Girls more afraid of pain or boys more afraid of pain

The perception of pain is different between men and women, and women seem to be more afraid of pain.

What is this for?

One reason is that the perception of pain seems to be related to the secretion of male and female hormones in the brain. We know that endorphins in the brain can play a role in pain relief.

When we feel the physical pain or feel the great psychological pressure, the brain will secrete endorphins to improve our tolerance threshold, so we will feel less pain or less pain.

The scientists found that women at different times in the circadian cycle were not responsive to the pain of the brain.

In one experiment, the participants were given saline injections to give them a brief dose of pain, a time when the amount of endorphins secreted by men increased markedly, but there were two cases of women involved in the experiment. When the girls in the early period of the physiological cycle, that is, the follicle is not mature, then feel the pain of the female endorphin secretion will be reduced, they will feel significantly pain, pain than the boys reported a much stronger.

And their subjective feedback was more painful than the boys.

But when these girls were stuck with estrogen patches for 10 consecutive days, let the body feel that they are in a state of pregnancy, this time when the women feel pain in the amount of endorphins secretion will increase, the subjective report of the pain is also significantly lower, and become similar to boys, and even less than the boys reported pain.

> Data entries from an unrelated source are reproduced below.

(* f is not assumed to be a measurable function of w (xh is arbitrary); the set
   f <= B is recovered from f along a countable sample of T whose image under w
   is dense. *)
Lemma l1lipschitz_measurable_le (f : T -> R) (L : R) : 0 <= L ->
  (forall s s', f s <= f s' + L * l1norm (w s - w s')) ->
  forall B, measurable [set s | f s <= B].
Proof.
move=> L_ge0 f_lip B.
have [[s0 _]|T0] := pselect (exists s : T, True); last first.
  suff -> : [set s | f s <= B] = set0 by [].
  by apply/seteqP; split=> s // _; apply: T0; exists s.
have [u u_dense] := l1norm_dense_sequence s0.
pose sample_bound m k := [set s | f (u k) + L * l1norm (w s - w (u k)) < B + m.+1%:R^-1].
suff -> : [set s | f s <= B] = \bigcap_m \bigcup_k sample_bound m k.
  apply: bigcapT_measurable => m; apply: bigcupT_measurable => k.
  have mg : measurable_fun setT (fun s => f (u k) + L * l1norm (w s - w (u k))).
    by apply: measurable_funD => //; apply: measurable_funM => //;
      exact: measurable_l1norm_dist.
  have := mg measurableT _ (measurable_itv `]-oo, B + m.+1%:R^-1[); rewrite setTI.
  by congr measurable; apply/seteqP; split=> s /=; rewrite in_itv.
apply/seteqP; split => s /=.
- move=> fs_le m _; pose e := m.+1%:R^-1 / (L *+ 2 + 1).
  have L21_gt0 : 0 < L *+ 2 + 1 by rewrite ltr_wpDl ?mulrn_wge0.
  have e_gt0 : 0 < e by rewrite divr_gt0 ?invr_gt0 ?ltr0n.
  have e_def : e * (L *+ 2 + 1) = m.+1%:R^-1 by rewrite divfK ?gt_eqF.
  have [k k_close] := u_dense s e e_gt0; exists k => //=.
  have := f_lip (u k) s; rewrite l1normB.
  have : L * l1norm (w s - w (u k)) <= L * e by rewrite ler_wpM2l.
  rewrite /sample_bound /= mulr2n !mulrDr mulr1 (mulrC e L) in e_def *.
  move: (L * _) (L * e) (m.+1%:R^-1) e_def => LN Le c; lra.
- move=> in_all; rewrite leNgt; apply/negP => /ltr_add_invr[m B_lt].
  have [k _ near_k] := in_all m I; have := f_lip s (u k).
  move: near_k B_lt; rewrite /sample_bound /=.
  by move: (L * _) (m.+1%:R^-1) => LN c; lra.
Qed.

End L1LipschitzMeasurable.

Lemma probability_ge_of_setC_sub (d : measure_display) (T : measurableType d)
  (R : realType) (P : probability T R) (E S : set T) (p : R) :
  measurable E -> measurable S -> ~` E `<=` S -> (P S < p%:E)%E ->
  ((1 - p)%:E <= P E)%E.
Proof.
move=> mE mS notE_sub PS_lt.
have PnotE_lt : (P (~` E) < p%:E)%E.
  by apply: le_lt_trans PS_lt; apply: le_measure; rewrite ?inE //; exact: measurableC.
have PnotE_ge0 : (0 <= P (~` E))%E by exact: measure_ge0.
rewrite -[E]setCK probability_setC ?setCK; last exact: measurableC.
move: PnotE_ge0 PnotE_lt; case: (P (~` E)) => [x| |] //= _.
by rewrite lte_fin -EFinB lee_fin; lra.
Qed.

Section NoiseEvents.
Variables (R : realType) (n : nat) (A : set (Cvec R n)) (d : measure_display)
  (T : measurableType d) (w : T -> Cvec R n).
Hypothesis w_measurable : forall j : 'I_n,
  measurable_fun setT (fun s => complex.Re (w s ord0 j)) /\
  measurable_fun setT (fun s => complex.Im (w s ord0 j)).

Scientists believe this is because women have different needs at different stages of the physiological cycle. In the immature stage of the follicle, women need to protect their bodies to reproduce, so this time even a little bit of pain will be magnified to protect themselves from environmental damage.

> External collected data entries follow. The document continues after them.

Lemma Nv_sharp_prime_sub_max_t (P : K -> Prop) :
  (forall g, Nv R g -> sharp R S g) -> prime_ideal R P -> avoids S P ->
  (exists y, P y /\ y != 0) -> exists M, max_t_ideal R M /\ subset P M.
Proof.
move=> Nv_sharp pP avP nzP; have [iP _] := pP; have [[P0 _] PR] := iP.
have [[L [LP [hL H1]]]|ntP1] := classic (top R P 1); last first.
  have [M [maxM PtM]] := max_t_ideal_exists hR (t_ideal_top hR iP nzP) ntP1.
  by exists M; split=> // x Px; apply: PtM; exact: (top_ge hR nzP).
have LR y : y \in L -> R y by move/LP; apply: PR.
have [_ avL] := Nv_sharp _ (Nv_Poly hR LR hL H1).
by case: (avL P pP avP) => i; rewrite coef_Poly; exact: pred_nth.
Qed.

Lemma Nv_sharp_wop_sub_circS : is_quotient_field D ->
  (forall g, Nv R g -> sharp R S g) ->
  forall E, nz_submodule R E -> subset (wop R E) (circS S E).
Proof.
move=> hQ Nv_sharp E nzE x wx.
have [s [Ss Js]] : exists s, S s /\ polyOverP (colon_elt R E x) s.
  apply: (avoids_ideal_content hR (mult_subset1 hS) (mult_subsetM hS)).
    exact: (colon_elt_ideal hR x nzE.1).
  move=> P pP avP JP; have [a [Ja anz]] := colon_elt_nz hR x hQ subset_circS nzE.
  have nzP : exists y, P y /\ y != 0 by exists a; split=> //; apply: JP.
  have [M [maxM PM]] := Nv_sharp_prime_sub_max_t Nv_sharp pP avP nzP.
  have [r [Rr [Mr Erx]]] := wx M maxM.
  by apply: Mr; apply: PM; apply: JP; split.
by exists s; split=> // i; rewrite mulrC; case: (Js i).
Qed.

End Overring.

Unset Implicit Arguments.

Theorem theorem2p1 (K : fieldType) (D : K -> Prop) (S : {poly K} -> Prop) :
  is_subring D -> is_quotient_field D -> mult_subset D S ->
  let R := circS S D in
  t_linked D (circS S) R /\
  (forall g, S g -> Nv R g) /\
  (is_semistar R (circS S) /\ seteq (circS S R) R) /\
  ((forall E, nz_submodule R E -> seteq (circS S E) (wop R E)) <->
   (forall g, sharp R S g <-> Nv R g)).
Proof.
move=> hD hQ hS R.
split; first exact: t_linked_circS.
split; first by move=> g; exact: mult_subset_Nv.
split; first by split; [exact: circS_semistar | exact: circS_R].
split=> [circ_eq_w g | sharp_eq_Nv E nzE x].
  split; first exact: sharp_Nv.
  by apply: wop_sub_circS_Nv_sharp => // E nzE x /(circ_eq_w E nzE x).2.
split; first exact: circS_sub_wop.
by apply: Nv_sharp_wop_sub_circS => // g /(sharp_eq_Nv g).2.
Qed.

When a woman is pregnant, because the body will undergo a lot of changes, women need to have a higher ability to endure pain, to allow themselves to endure the pain of pregnancy and production, so the pain threshold has risen.

Male hormones, such as testosterone, also affect the animal’s sense of pain.

Scientists have found that depriving young male mice of testosterone can make them feel more strongly about pain, similar in strength to normal female mice.

And when they become adults, if they are added testosterone, two weeks later, their perception of pain falls to the normal male mouse. If testosterone was injected into the female newborn mice, they would have a higher tolerance threshold for pain than the average female mouse, and they would become as likely as normal male mice to endure pain.